With an impending trial, Christus Hospital-St. Mary has reportedly settled a medical malpractice lawsuit alleging the health care provider and a nurse negligently caused a newborn’s skull fracture. On behalf of her baby, Ezra Dorsey, Annie Dorsey filed suit against Christus and Leslie Lovelace in Jefferson County, Texas District Court, according to The Southeast Texas Record.
According to the petition, Ezra and her twin brother were born prematurely on Aug. 14, 2010. Ezra was then admitted to the neonatal intensive care unit. On Sept. 13, 2010, Ezra suffered a skull fracture after she was dropped or pulled to the floor by Lovelace, a registered nurse who was responsible for taking care of the infant.
Court records show Christus transferred Ezra to UTMB hospital in Galveston “for an expert evaluation by a neurosurgeon and a neurologist based upon the request of Ezra’s family.” Dorsey claims that neurosurgeon, Dr. Aaron Mohanty, evaluated Ezra a few months after her fall and opined that the fall caused Ezra’s skull fracture, the skull fracture caused “significant trauma”, and the fracture had not yet healed, court records show.
Dorsey further contended that in October of 2011, pediatric neurosurgeon Dr. Timothy George of Dell Children’s Medical Center of Texas evaluated Ezra and issued a report, in which he attributed the skull fracture to Ezra’s fall, noted that Ezra was hyperactive, and recommended a follow-up visit with a developmental pediatrician.
Dorsey asserted that J. Walter Bordages, Ph.D., performed developmental tests on Ezra and prepared a neuropsychological evaluation report, in which he saidthat Ezra’s evaluation “supported his diagnoses of a neurocognitive disorder due to traumatic brain injury with behavioral disturbance as a result of the skull fracture.”
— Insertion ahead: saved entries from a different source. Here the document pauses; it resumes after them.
Definition is_inner_product {R : realType} {V : normedModType R}
  (ip : V -> V -> R) : Prop :=
  (forall x y, ip x y = ip y x) /\
  (forall (a : R) (x y z : V), ip (a *: x + y) z = a * ip x z + ip y z) /\
  (forall x, ip x x = `|x| ^+ 2).

Definition ebasis {R : realType} {d : nat} (i : 'I_d) : 'cV[R]_d := delta_mx i 0.

Definition psi {R : realType} {V : normedModType R} {d : nat}
  (D : 'cV[R]_d -> V) (th : 'cV[R]_d) (i : 'I_d) : V :=
  'd D th (ebasis i).

Definition psiT {R : realType} {V : normedModType R} {d : nat}
  (D : 'cV[R]_d -> V) (th : 'cV[R]_d) (c : 'cV[R]_d) : V :=
  \sum_(i < d) c i 0 *: psi D th i.

Definition GramX {R : realType} {V : normedModType R} {d : nat}
  (ip : V -> V -> R) (D : 'cV[R]_d -> V) (th : 'cV[R]_d) : 'M[R]_d :=
  \matrix_(i, j) ip (psi D th i) (psi D th j).

Definition crossGramX {R : realType} {V : normedModType R} {d : nat}
  (ip : V -> V -> R) (D : 'cV[R]_d -> V) (th th' : 'cV[R]_d) : 'M[R]_d :=
  \matrix_(i, j) ip (psi D th i) (psi D th' j).

Definition is_MP_inverse {R : realType} {m n : nat}
  (A : 'M[R]_(m, n)) (X : 'M[R]_(n, m)) : Prop :=
  [/\ A *m X *m A = A, X *m A *m X = X,
      (A *m X)^T = A *m X & (X *m A)^T = X *m A].

Definition mpinv {R : realType} {m n : nat} (A : 'M[R]_(m, n)) : 'M[R]_(n, m) :=
  xget 0 [set X | is_MP_inverse A X].

Definition HD {R : realType} {V : normedModType R} {d : nat}
  (D : 'cV[R]_d -> V) (th q r : 'cV[R]_d) : V :=
  'd (fun y => 'd D y q) th r.

Definition C2 {R : realType} {V : normedModType R} {d : nat}
  (D : 'cV[R]_d -> V) : Prop :=
  (forall x, differentiable D x) /\
  (forall q x, differentiable (fun y => 'd D y q) x) /\
  (forall q r, continuous (fun x => HD D x q r)).

(* kappa_max(theta) = max_{||q||_2 = 1} ||H_D(theta)(q,q)||_X
   (the max is attained; we write it as the supremum). *)
Definition kappa_max {R : realType} {V : normedModType R} {d : nat}
  (D : 'cV[R]_d -> V) (th : 'cV[R]_d) : R :=
  sup [set `|HD D th q q| | q in [set q : 'cV[R]_d | norm2 q = 1]].

Definition symPSD {R : realType} {d : nat} (G : 'M[R]_d) : Prop :=
  G^T = G /\ forall c : 'cV[R]_d, 0 <= (c^T *m G *m c) 0 0.

(* The two momenta share their gradient term, so psi^T phat - psi^T p equals
   beta psi^T G_X^+ w with w_i = (psi_i, y) and y = h^-1 (D th1 - D th0) - D'(th0) p.
   For any generalized inverse X of the Gram matrix (in particular G_X^+), the map
   y |-> psi^T X ((psi_i, y))_i is the orthogonal projection onto the span of the psi_i,
   hence a contraction, so the gap is at most beta |y|.  Finally y is the error of a
   difference quotient: Taylor's formula with Peano remainder gives
   y = (h/2) H_D(th0)(p, p) + o(h |p|^2), and |H_D(th0)(p, p)| <= kappa_max(th0) |p|^2. *)

From HB Require Import structures.
From mathcomp Require Import all_boot all_order all_algebra.
From mathcomp Require Import all_classical all_reals all_analysis.
From mathcomp Require Import ring lra.
Import Order.TTheory GRing.Theory Num.Theory.
Import numFieldNormedType.Exports.
Local Open Scope classical_set_scope.
Local Open Scope ring_scope.
Set Implicit Arguments. Unset Strict Implicit.

Section InnerProduct.
Variables (R : realType) (V : normedModType R) (ip : V -> V -> R).
Hypothesis hip : is_inner_product ip.

Lemma ip_sym x y : ip x y = ip y x.
Proof. by case: hip. Qed.

Lemma ip_norm x : ip x x = `|x| ^+ 2.
Proof. by case: hip => _ []. Qed.

Lemma ipDZl a x y z : ip (a *: x + y) z = a * ip x z + ip y z.
Proof. by case: hip => _ []. Qed.

Lemma ip0l z : ip 0 z = 0.
Proof. by have := ipDZl 1 0 0 z; rewrite scale1r addr0 mul1r; lra. Qed.

Lemma ipDl x y z : ip (x + y) z = ip x z + ip y z.
Proof. by rewrite -[x]scale1r ipDZl mul1r scale1r. Qed.

Lemma ipZl a x z : ip (a *: x) z = a * ip x z.
Proof. by rewrite -[a *: x]addr0 ipDZl ip0l addr0. Qed.

Lemma ipBl x y z : ip (x - y) z = ip x z - ip y z.
Proof. by rewrite addrC -scaleN1r ipDZl mulN1r addrC. Qed.

Lemma ipBr x y z : ip z (x - y) = ip z x - ip z y.
Proof. by rewrite ip_sym ipBl !(ip_sym z). Qed.

Lemma ipZr a x z : ip z (a *: x) = a * ip z x.
Proof. by rewrite ip_sym ipZl ip_sym. Qed.

Lemma ip_suml n (c : 'I_n -> R) (v : 'I_n -> V) z :
  ip (\sum_i c i *: v i) z = \sum_i c i * ip (v i) z.
Proof. by elim/big_rec2: _ => [|i s w _ <-]; rewrite ?ip0l // ipDZl. Qed.

Lemma ip_sumr n (c : 'I_n -> R) (v : 'I_n -> V) z :
  ip z (\sum_i c i *: v i) = \sum_i c i * ip z (v i).
Proof. by rewrite ip_sym ip_suml; under eq_bigr do rewrite ip_sym. Qed.

(* Polarization: [4 (x, y) = |x + y|^2 - |x - y|^2]. *)
Lemma cauchy_schwarz x y : ip x y <= `|x| * `|y|.
Proof.
have polar : ip x y = (ip (x + y) (x + y) - ip (x - y) (x - y)) / 4.
  by rewrite ipBl ipDl !ipBr !(ip_sym _ (x + y)) !ipDl (ip_sym y x); field.
rewrite polar !ip_norm.
have le_sum : `|x + y| ^+ 2 <= (`|x| + `|y|) ^+ 2.
  by rewrite lerXn2r ?nnegrE ?addr_ge0 ?ler_normD.
have le_diff : (`|y| - `|x|) ^+ 2 <= `|x - y| ^+ 2.
  by rewrite -real_normK ?num_real // lerXn2r ?nnegrE // distrC ler_dist_dist.
nra.
Qed.

Lemma normr_ip_le x y : `|ip x y| <= `|x| * `|y|.
Proof.
rewrite ler_norml cauchy_schwarz andbT.
by have := cauchy_schwarz (- x) y; rewrite -scaleN1r ipZl normrZ normrN1; lra.
Qed.

Lemma continuous_ipl z : continuous (ip^~ z).
Proof.
move=> x; apply/cvgrPdist_le => e e0.
have ez0 : 0 < e / (`|z| + 1) by rewrite divr_gt0 // ltr_wpDl.
near=> y.
have xy_small : `|x - y| <= e / (`|z| + 1).
  by near: y; apply: cvgr_dist_le => //; exact: cvg_id.
rewrite -ipBl (le_trans (normr_ip_le _ _)) //.
have : `|x - y| * (`|z| + 1) <= e by rewrite -ler_pdivlMr // ltr_wpDl.
have := normr_ge0 z; have := normr_ge0 (x - y); nra.
Unshelve. all: by end_near.
Qed.

End InnerProduct.

Section ColumnVectors.
Variables (R : realType) (d : nat).
Implicit Types p : 'cV[R]_d.

Lemma norm2_ge0 p : 0 <= norm2 p.
Proof. exact: sqrtr_ge0. Qed.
Dorsey contended that Bordages’ conclusions were confirmed by Dr. Jerry Tomasovic, who, testified by deposition that the skull fracture resulted in a traumatic brain injury to Ezra, and that Christus and Lovelace breached the applicable standard of care, based upon a reasonable medical probability.
In response, Christus and Lovelace successfully moved for summary judgment, asserting that Tomasovic, who is Dorsey’s “only retained expert qualified to opine as to causation” had “testified that he could not opine within a reasonable degree of medical probability that Ezra Dorsey suffered any underlying brain injury as a result of Defendants’ actions,” leaving Dorsey “unable to provide any reliable expert testimony that Ezra Dorsey’s neurological injuries, if any, were causally related to Defendants’ alleged negligence,” according to the opinion.
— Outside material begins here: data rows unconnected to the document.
(* Define for $a\in[1,2]$ and $b>1$ the function $g(a,b)=x\,x_1+y\,y_1$, where $$x=\frac{\sqrt{a^2-1}\,(a^3-8)}{a^6},\quad x_1=(\sqrt{a^2-1}-\sqrt{b^2-1})^3+a^3,\quad y=\frac{\sqrt{b^2-1}\,(b^3-8)}{b^6},\quad y_1=(\sqrt{a^2-1}-\sqrt{b^2-1})^3+b^3.$$ Then $g(a,b)\neq 0$ for all $(a,b)\in[1,2]\times[5/2,\sqrt2(\sqrt3+1)]$. *)

From Stdlib Require Import Reals.
Open Scope R_scope.

Definition gx (a : R) : R := sqrt (a^2 - 1) * (a^3 - 8) / a^6.
Definition gy (b : R) : R := sqrt (b^2 - 1) * (b^3 - 8) / b^6.
Definition gx1 (a b : R) : R := (sqrt (a^2 - 1) - sqrt (b^2 - 1))^3 + a^3.
Definition gy1 (a b : R) : R := (sqrt (a^2 - 1) - sqrt (b^2 - 1))^3 + b^3.
Definition g (a b : R) : R := gx a * gx1 a b + gy b * gy1 a b.

From Stdlib Require Import Reals Lra Psatz List.
Import ListNotations.
Open Scope R_scope.

(* With u = sqrt (a^2 - 1) and v = sqrt (b^2 - 1) we have gx a <= 0 <= gy b on
   the given ranges, and v >= 229/100, so the first summand of g is at least
   gx a * (a^3 - (229/100 - u)^3).  A cubic [separator u] separates the two
   summands: gx a * (a^3 - (229/100 - u)^3) + separator u > 0 for a in [1, 2],
   while separator u <= gy b * gy1 a b for every u in [0, sqrt 3], so g > 0.
   Both inequalities are checked by interval arithmetic on a partition of the
   range of a (resp. b) into boxes, each certified by rational enclosures of
   the square root at its endpoints. *)

Notation v_min := (229/100).
Notation u_max := (17321/10000).

Definition separator (u : R) : R :=
  247/1000 + 1113/1000 * u - 501/1000 * u^2 + 7/100 * u^3.

Definition gk (t : R) : R := (t^3 - 8) / t^6.

Lemma gx_gk (a : R) : gx a = sqrt (a^2 - 1) * gk a.
Proof. unfold gx, gk, Rdiv; ring. Qed.

Lemma gy_gk (b : R) : gy b = sqrt (b^2 - 1) * gk b.
Proof. unfold gy, gk, Rdiv; ring. Qed.

Lemma sqrt_enclosure (x l h : R) :
  0 <= l -> l^2 <= x -> x <= h^2 -> 0 <= h -> l <= sqrt x <= h.
Proof.
  intros Hl Hlx Hxh Hh; split.
  - rewrite <- (sqrt_pow2 l Hl); now apply sqrt_le_1_alt.
  - rewrite <- (sqrt_pow2 h Hh); now apply sqrt_le_1_alt.
Qed.

Lemma cube_le_compat (p q : R) : p <= q -> p^3 <= q^3.
Proof.
  intros Hpq.
  assert (0 <= q^2 + q*p + p^2) by nra.
  replace (q^3) with (p^3 + (q - p) * (q^2 + q*p + p^2)) by ring.
  nra.
Qed.

Lemma sqr_le_compat (p q : R) : 0 <= p <= q -> p^2 <= q^2.
Proof. intros Hpq; apply pow_incr; lra. Qed.

Lemma gk_le_0 (t : R) : 0 < t <= 2 -> gk t <= 0.
Proof.
  intros Ht; unfold gk, Rdiv.
  assert (t^3 <= 2^3) by (apply cube_le_compat; lra).
  assert (0 < / t^6) by (apply Rinv_0_lt_compat, pow_lt; lra).
  nra.
Qed.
Christus and Lovelace further argued that because Dorsey was unable to provide evidence of causation, he failed to prove that any future lost wages or medical costs are attributable to the alleged negligence.
On Oct. 15 the Ninth Court of Appeals found the expert report failed to provide enough of a correlation between cause and injury.
Justices opined that since Tomasovic himself testified that he could not “connect the dots” between the skull fracture and Ezra’s alleged neurological injury, his testimony does not produce enough evidence of causation, leading justices to affirm Christus’ summary judgment win.
According to a courthouse official, the parties reached a settlement in mediation. However, as of Feb. 8, no notice of settlement is on record.